Sugo doing delivery in Toronto after focusing efforts on feeding others for free
Rejoice, Italian food lovers. Sugo, one of the city's most popular red sauce joints, has finally launched delivery with Uber Eats — albeit very, very begrudgingly.
"I’d way rather stay closed at this time, just out of respect for the vulnerable people in this community," said Sugo's owner, Conor Joerin.
"But we sort of don't have a choice, we have such a high overhead, we had to get some cash flow in."

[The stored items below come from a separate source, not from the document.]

(* For each $\otimes\in\{\mathrm{del},\mathrm{add},\mathrm{edit}\}$, $\textsc{RM}^{\otimes}_{\mathrm{undir}}(a)\not\subseteq\mathrm{AC}^0$, i.e. some sentence $\phi=\forall x\,\psi$ with $\psi$ quantifier-free over a binary relation $E$ yields a problem $\textsc{RM}^{\otimes}_{\mathrm{undir}}(\phi)$ not in $\mathrm{AC}^0$.
   Context: An undirected graph is $(V,E)$ with $E\subseteq V\times V$ symmetric (self-loops allowed). For $S\subseteq V\times V$, $\|S\|=|\{\{u,v\}:(u,v)\in S\}|$. For a first-order sentence $\phi$ over $\{E\}$, $\textsc{RM}^{\mathrm{edit}}_{\mathrm{undir}}(\phi)$: given an undirected graph $(V,E)$ and $k\in\mathbb N$, is there $S$ with $\|S\|\le k$ such that $(V,E\triangle S)$ is undirected and satisfies $\phi$; del (resp. add) versions require $S\subseteq E$ (resp. $S\cap E=\emptyset$). $\mathrm{AC}^0$: problems decided by constant-depth polynomial-size unbounded fan-in and/or/not circuit families. *)

From mathcomp Require Import all_boot.
Set Implicit Arguments. Unset Strict Implicit. Unset Printing Implicit Defensive.

Inductive qf (V : Type) : Type :=
| QTrue | QFalse
| QEdge of V & V
| QEq of V & V
| QNot of qf V
| QAnd of qf V & qf V
| QOr of qf V & qf V.

Fixpoint qf_eval (V : Type) (T : eqType) (E : rel T) (a : V -> T) (f : qf V) : bool :=
  match f with
  | QTrue => true
  | QFalse => false
  | QEdge u v => E (a u) (a v)
  | QEq u v => a u == a v
  | QNot g => ~~ qf_eval E a g
  | QAnd g h => qf_eval E a g && qf_eval E a h
  | QOr g h => qf_eval E a g || qf_eval E a h
  end.

(* The sentence  phi = forall x, psi  with psi quantifier-free in the single
   variable x (variable type unit); satisfaction in the structure (V,E). *)
Definition sat_forall1 (n : nat) (E : rel 'I_n) (psi : qf unit) : Prop :=
  forall x : 'I_n, qf_eval E (fun _ => x) psi.

Inductive rm_op := RMdel | RMadd | RMedit.

Definition pair_norm (n : nat) (S : {set 'I_n * 'I_n}) : nat :=
  #|[set [set p.1; p.2] | p in S]|.

Definition symdiff (n : nat) (E : rel 'I_n) (S : {set 'I_n * 'I_n}) : rel 'I_n :=
  fun u v => E u v (+) ((u, v) \in S).

Definition RM (op : rm_op) (psi : qf unit) (n : nat) (E : rel 'I_n) (k : nat) : Prop :=
  exists S : {set 'I_n * 'I_n},
    [/\ pair_norm S <= k,
        symmetric (symdiff E S),
        sat_forall1 (symdiff E S) psi &
        match op with
        | RMdel => forall p, p \in S -> E p.1 p.2
        | RMadd => forall p, p \in S -> ~~ E p.1 p.2
        | RMedit => True
        end].

Inductive circ : Type :=
| CInp of nat
| CConst of bool
| CNot of circ
| CAnd of seq circ
| COr of seq circ.

Fixpoint ceval (x : nat -> bool) (c : circ) : bool :=
  match c with
  | CInp i => x i
  | CConst b => b
  | CNot d => ~~ ceval x d
  | CAnd l => all id (map (ceval x) l)
  | COr l => has id (map (ceval x) l)
  end.

Fixpoint cdepth (c : circ) : nat :=
  match c with
  | CInp _ | CConst _ => 0
  | CNot d => (cdepth d).+1
  | CAnd l | COr l => (foldr maxn 0 (map cdepth l)).+1
  end.

Fixpoint csize (c : circ) : nat :=
  match c with
  | CInp _ | CConst _ => 1
  | CNot d => (csize d).+1
  | CAnd l | COr l => (sumn (map csize l)).+1
  end.

(* Encoding of an instance (n-vertex graph E, budget k) as a bit string of
   length 2*n*n: bit u*n+v is E(u,v); bit n*n+i is [i < k] (thermometer code;
   since ||S|| <= n*n always, min(k, n*n) carries all relevant information). *)
Definition encode (n : nat) (E : rel 'I_n) (k : nat) : nat -> bool :=
  fun i =>
    if i < n * n then [exists u : 'I_n, exists v : 'I_n, (i == u * n + v) && E u v]
    else if i < 2 * (n * n) then (i - n * n < k)
    else false.

(* A problem on (undirected graph, k) instances is in (non-uniform) AC^0 if
   some family of circuits of constant depth and size polynomial in n decides
   it on all encoded instances with E symmetric. *)
Definition in_AC0 (P : forall n : nat, rel 'I_n -> nat -> Prop) : Prop :=
  exists (d c : nat) (C : nat -> circ),
    forall n, [/\ cdepth (C n) <= d,
                  csize (C n) <= c * n.+1 ^ c &
                  forall (E : rel 'I_n) (k : nat), symmetric E ->
                    (ceval (encode E k) (C n) <-> P n E k)].

(* Take psi(x) := ~ E(x,x) for deletion and psi(x) := E(x,x) for addition and
   editing.  On a graph whose only edges are loops, encoding a bit vector y so
   that the vertices violating psi are those with y u, a cheapest modification
   fixes exactly these vertices: RM(psi) decides the threshold #|y| <= k.  An OR
   over odd j of [#|y| <= j /\ ~ #|y| <= j - 1] then computes parity, so an AC0
   family for RM(psi) yields one for parity.
   Parity is not in AC0 (Razborov-Smolensky).  A circuit of depth d and size at
   most 2^l/4 agrees with a polynomial of degree (2l)^d over F_3 outside a
   quarter of the cube (OR gates are approximated by random sums of squares).
   On a set G where a degree-D polynomial agrees with parity, chi setT is of
   degree D, so every function on G is a polynomial of degree D + n/2 and |G| is
   at most the number of such monomials.  For odd n = 2m+1 these counts force
   n <= 16 (2l)^(2d), impossible for l = O(log n). *)

From mathcomp Require Import all_boot all_algebra.
From mathcomp Require Import zify ring.
Set Implicit Arguments. Unset Strict Implicit. Unset Printing Implicit Defensive.
Import GRing.Theory.

Definition setY (T : finType) (A B : {set T}) := (A :\: B) :|: (B :\: A).

Lemma setYK (T : finType) (A B : {set T}) : setY (setY A B) B = A.
Proof. by apply/setP => i; rewrite !inE; case: (i \in A); case: (i \in B). Qed.

Lemma card_setY (T : finType) (A B : {set T}) : #|setY A B| <= #|A| + #|B|.
Proof.
apply: leq_trans (leq_card_setU _ _) _.
by apply: leq_add; apply/subset_leq_card/subsetP => i; rewrite inE => /andP[].
Qed.

Lemma card_bigcup_le (I T : finType) (A : I -> {set T}) :
  #|\bigcup_i A i| <= \sum_i #|A i|.
Proof.
elim/big_rec2: _ => [|i U s _ IH]; first by rewrite cards0.
by apply: leq_trans (leq_card_setU _ _) _; rewrite leq_add2l.
Qed.

Lemma card_setsT (T : finType) : #|{set T}| = 2 ^ #|T|.
Proof. by rewrite -(cardsT {set T}) -powersetT card_powerset cardsT. Qed.

Lemma exists_good_sample (A X : finType) (bad : A -> X -> bool) w :
  0 < #|A| -> (forall x, #|[set a | bad a x]| * w <= #|A|) ->
  exists a, #|[set x | bad a x]| * w <= #|X|.
Proof.
move=> A_gt0 perx; apply/existsP; apply/contraT; rewrite negb_exists => /forallP many.
have total : \sum_a #|[set x | bad a x]| * w = \sum_x #|[set a | bad a x]| * w.
  rewrite -!big_distrl /= (eq_bigr (fun a => \sum_x bad a x)); last first.
    by move=> a _; rewrite -sum1_card big_mkcond /=; apply: eq_bigr => x _; rewrite inE.
  rewrite exchange_big /=; congr (_ * _); apply: eq_bigr => x _.
  by rewrite -sum1_card [RHS]big_mkcond /=; apply: eq_bigr => a _; rewrite inE.
have lo : #|A| * #|X|.+1 <= \sum_a #|[set x | bad a x]| * w.
  by rewrite -sum_nat_const; apply: leq_sum => a _; rewrite ltnNge many.
have hi : \sum_x #|[set a | bad a x]| * w <= #|X| * #|A|.
  by rewrite -sum_nat_const; apply: leq_sum => x _; exact: perx.
move: lo hi; rewrite total; nia.
Qed.

Local Notation F := 'Z_3.
Local Open Scope ring_scope.

Lemma Z3_sqrf (x : F) : x != 0 -> x * x = 1.
Proof. by case: x => [[|[|[|]]] ?] // _; apply: val_inj. Qed.

Lemma Z3_N1 : -1 = 1 + 1 :> F. Proof. exact: val_inj. Qed.

Section MultilinearPolynomials.
Variable n : nat.
Local Notation X := {ffun 'I_n -> bool}.

Definition sg (b : bool) : F := (-1) ^+ b.

Definition chi (T : {set 'I_n}) (x : X) : F := \prod_(i in T) sg (x i).

Lemma chiY S T x : chi S x * chi T x = chi (setY S T) x.
Proof.
rewrite /chi big_mkcond [X in _ * X]big_mkcond [RHS]big_mkcond -big_split /=; apply: eq_bigr => i _.
rewrite !inE; case: (i \in S); case: (i \in T); rewrite /= ?mulr1 ?mul1r //.
by rewrite -signr_addb addbb.
Qed.

Lemma chi0 x : chi set0 x = 1.
Proof. by rewrite /chi big_set0. Qed.

Lemma chi1 i x : chi [set i] x = sg (x i).
Proof. by rewrite /chi big_set1. Qed.

Lemma chiT_sg T x : chi T x = chi setT x * chi (~: T) x.
Proof. by rewrite chiY; congr chi; apply/setP => i; rewrite !inE; case: (i \in T). Qed.

Definition mleval (s : seq (F * {set 'I_n})) (x : X) : F :=
  \sum_(p <- s) p.1 * chi p.2 x.

Definition mldeg_le D (s : seq (F * {set 'I_n})) := all (fun p : F * {set 'I_n} => #|p.2| <= D)%N s.

Definition deg_le D (f : X -> F) := exists2 s, mldeg_le D s & f =1 mleval s.

Lemma deg_le_ext D f g : f =1 g -> deg_le D f -> deg_le D g.
Proof. by move=> fg [s Ds fs]; exists s => // x; rewrite -fg. Qed.

Lemma deg_le_mono D D' f : (D <= D')%N -> deg_le D f -> deg_le D' f.
Proof.
move=> DD' [s Ds fs]; exists s => //.
by apply/allP => p /(allP Ds) /leq_trans; apply.
Qed.

Lemma deg_le_const D (a : F) : deg_le D (fun=> a).
Proof.
exists [:: (a, set0)]; first by rewrite /mldeg_le /= cards0.
by move=> x; rewrite /mleval big_seq1 chi0 mulr1.
Qed.

Lemma deg_le_sg i : deg_le 1 (fun x => sg (x i)).
Proof.
exists [:: (1, [set i])]; first by rewrite /mldeg_le /= cards1.
by move=> x; rewrite /mleval big_seq1 mul1r chi1.
Qed.

Lemma deg_le_add D f g : deg_le D f -> deg_le D g -> deg_le D (fun x => f x + g x).
Proof.
move=> [s Ds fs] [t Dt gt]; exists (s ++ t); first by rewrite /mldeg_le all_cat; apply/andP.
by move=> x; rewrite /mleval big_cat fs gt.
Qed.

Lemma deg_le_mul D D' f g :
  deg_le D f -> deg_le D' g -> deg_le (D + D') (fun x => f x * g x).
Proof.
move=> [s Ds fs] [t Dt gt].
exists [seq (p.1 * q.1, setY p.2 q.2) | p <- s, q <- t].
  apply/all_allpairsP => p q ps qt; apply: leq_trans (card_setY _ _) _.
  by apply: leq_add; [exact: (allP Ds) | exact: (allP Dt)].
move=> x; rewrite fs gt /mleval big_allpairs_dep big_distrl /=.
apply: eq_bigr => p _; rewrite big_distrr /=; apply: eq_bigr => q _.
by rewrite -chiY mulrACA.
Qed.

Lemma deg_le_scale D (a : F) f : deg_le D f -> deg_le D (fun x => a * f x).
Proof. exact: deg_le_mul (deg_le_const 0 a). Qed.

Lemma deg_le_sub D f g : deg_le D f -> deg_le D g -> deg_le D (fun x => f x - g x).
Proof.
move=> Df Dg; apply: deg_le_ext (deg_le_add Df (deg_le_scale (-1) Dg)) => x.
by rewrite mulN1r.
Qed.

Lemma deg_le_sum (I : Type) (r : seq I) (P : pred I) D (f : I -> X -> F) :
  (forall i, deg_le D (f i)) -> deg_le D (fun x => \sum_(i <- r | P i) f i x).
Proof.
move=> Df; elim: r => [|i r IH].
  by apply: deg_le_ext (deg_le_const D 0) => x; rewrite big_nil.
case Pi: (P i); last by apply: deg_le_ext IH => x; rewrite big_cons Pi.
by apply: deg_le_ext (deg_le_add (Df i) IH) => x; rewrite big_cons Pi.
Qed.

Lemma deg_le_prod (I : finType) D (f : I -> X -> F) :
  (forall i, deg_le D (f i)) -> deg_le (#|I| * D) (fun x => \prod_i f i x).
Proof.
move=> Df; rewrite cardE.
apply: (@deg_le_ext _ (fun x => \prod_(i <- enum I) f i x)) => [x|]; first by rewrite big_enum.
elim: (enum I) => [|i r IH].
  by apply: deg_le_ext (deg_le_const _ 1) => x; rewrite big_nil.
by apply: deg_le_ext (deg_le_mul (Df i) IH) => x; rewrite big_cons.
Qed.

Lemma sg_eq_indicator a b : -1 - sg a * sg b = (a == b)%:R.
Proof. by case: a; case: b; apply: val_inj. Qed.

Lemma deg_le_all (f : X -> F) : deg_le n f.
Proof.
pose delta (a x : X) := \prod_i (-1 - sg (a i) * sg (x i)).
have deltaE a x : delta a x = (x == a)%:R.
  rewrite /delta (eq_bigr _ (fun i _ => sg_eq_indicator _ _)).
  have [->|xa] := eqVneq x a; first by rewrite big1 // => i _; rewrite eqxx.
  have [i xai] : exists i, a i != x i.
    apply/existsP; apply: contraR xa; rewrite negb_exists => /forallP ax.
    by apply/eqP/ffunP => i; apply/esym/eqP/negbNE.
  by rewrite (bigD1 i) //= (negbTE xai) mul0r.
have Ddelta a : deg_le n (delta a).
  rewrite -[n]muln1 -[X in (X * 1)%N]card_ord; apply: deg_le_prod => i.
  exact: deg_le_sub (deg_le_const _ _) (deg_le_scale _ (deg_le_sg i)).
apply: deg_le_ext (deg_le_sum (index_enum X) xpredT (fun a => deg_le_scale (f a) (Ddelta a))).
move=> x; rewrite (bigD1 x) //= deltaE eqxx mulr1 big1 ?addr0 // => a /negbTE ax.
by rewrite deltaE eq_sym ax mulr0.
Qed.

End MultilinearPolynomials.

Arguments deg_le_const {n} D a.

Definition b2F (b : bool) : F := if b then 1 else 0.

Section Smolensky.
Variable n : nat.
Local Notation X := {ffun 'I_n -> bool}.

Lemma chi_setT_parity (x : X) : chi setT x = 1 + b2F (odd #|[set i | x i]|).
Proof.
have -> : chi setT x = \prod_(i | x i) (-1 : F).
  by rewrite /chi big_mkcond [RHS]big_mkcond; apply: eq_bigr => i _; rewrite inE; case: (x i).
rewrite prodr_const -cardsE -signr_odd.
by case: (odd _); rewrite /= ?addr0 ?expr1 ?Z3_N1.
Qed.

(* On [G] a monomial [chi T] with [#|T| > n/2] equals [P * chi (~: T)]. *)
Lemma reduce_degree_on (G : {set X}) D (P : X -> F) : deg_le D P ->
  {in G, chi setT =1 P} ->
  forall s0, exists2 s, mldeg_le (D + n./2) s & {in G, mleval s0 =1 mleval s}.
Proof.
move=> [sP DP Pe] GP; elim=> [|p s0 [s Ds s0s]]; first by exists [::].
have [small|large] := leqP #|p.2| n./2.
  exists (p :: s).
    by apply/andP; split; first exact: leq_trans small (leq_addl _ _).
  by move=> x xG; rewrite /mleval !big_cons -/(mleval s0 x) -/(mleval s x) s0s.
exists ([seq (p.1 * q.1, setY q.2 (~: p.2)) | q <- sP] ++ s).
  rewrite /mldeg_le all_cat -/(mldeg_le _ s) Ds andbT; apply/allP => r /mapP [q qP ->] /=.
  apply: leq_trans (card_setY _ _) _; apply: leq_add; first exact: (allP DP q qP).
  have := cardsC p.2; have := odd_double_half n; rewrite card_ord -addnn.
  move: large (leq_b1 (odd n)); set h := n./2; set c := #|~: p.2|; set o := nat_of_bool (odd n); lia.
move=> x xG; rewrite /mleval big_cons big_cat /= big_map.
rewrite -/(mleval s0 x) -/(mleval s x) s0s //; congr (_ + _).
rewrite (chiT_sg p.2) GP // Pe /mleval big_distrl /= big_distrr /=.
by apply: eq_bigr => q _; rewrite -chiY !mulrA.
Qed.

"We were toying around with the idea of doing takeout... by the time [March 16] rolled around, I just didn't feel comfortable."
But Sugo's kitchen hasn't been completely inactive since then: for the past month, Joerin has been busy turning unused food stock, worth tens of thousands of dollars, to make hot meals for food banks, hospitals like St. Joseph's and Sick Kids, and groceries to food banks and local families in need.
With the help of a group hilariously self-coined The Marinara Boys, comprised of Sugo and the owners of Famiglia Baldassarre, Bar Ape, and Sovereign Cafe, Joerin was able to ramp up production, and so far they've done two dozen grocery-drop offs.
Now, they're mostly focusing on frontline health care workers: Sunday they'll be doing a drop-off at CAMH, followed by Princess Margaret Hospital on Monday, and Toronto Police 51 Division sometime next week.
Joerin says they've delivered about 3,000 prepared meals so far, not including all the grocery drops.
"It's been a lot," he says.
Now he's opened Sugo back up, which is great for meatball lovers, but an unfortunate necessity for Joerin, who says he'd rather concentrate on charity but has to find a way to put a dent in $25,ooo-worth of rent for five different leases, and $12,000 in monthly debt payments.
But without the commercial rent relief that restaurants citywide are calling for, the delivery to customers will have to happen simulatenously with the community work too.
"I've never been a fan of Uber, I have a problem with them because they make money off an unfair business model," he says. "But once we saw where we were at financially, we knew we had to at least try delivery."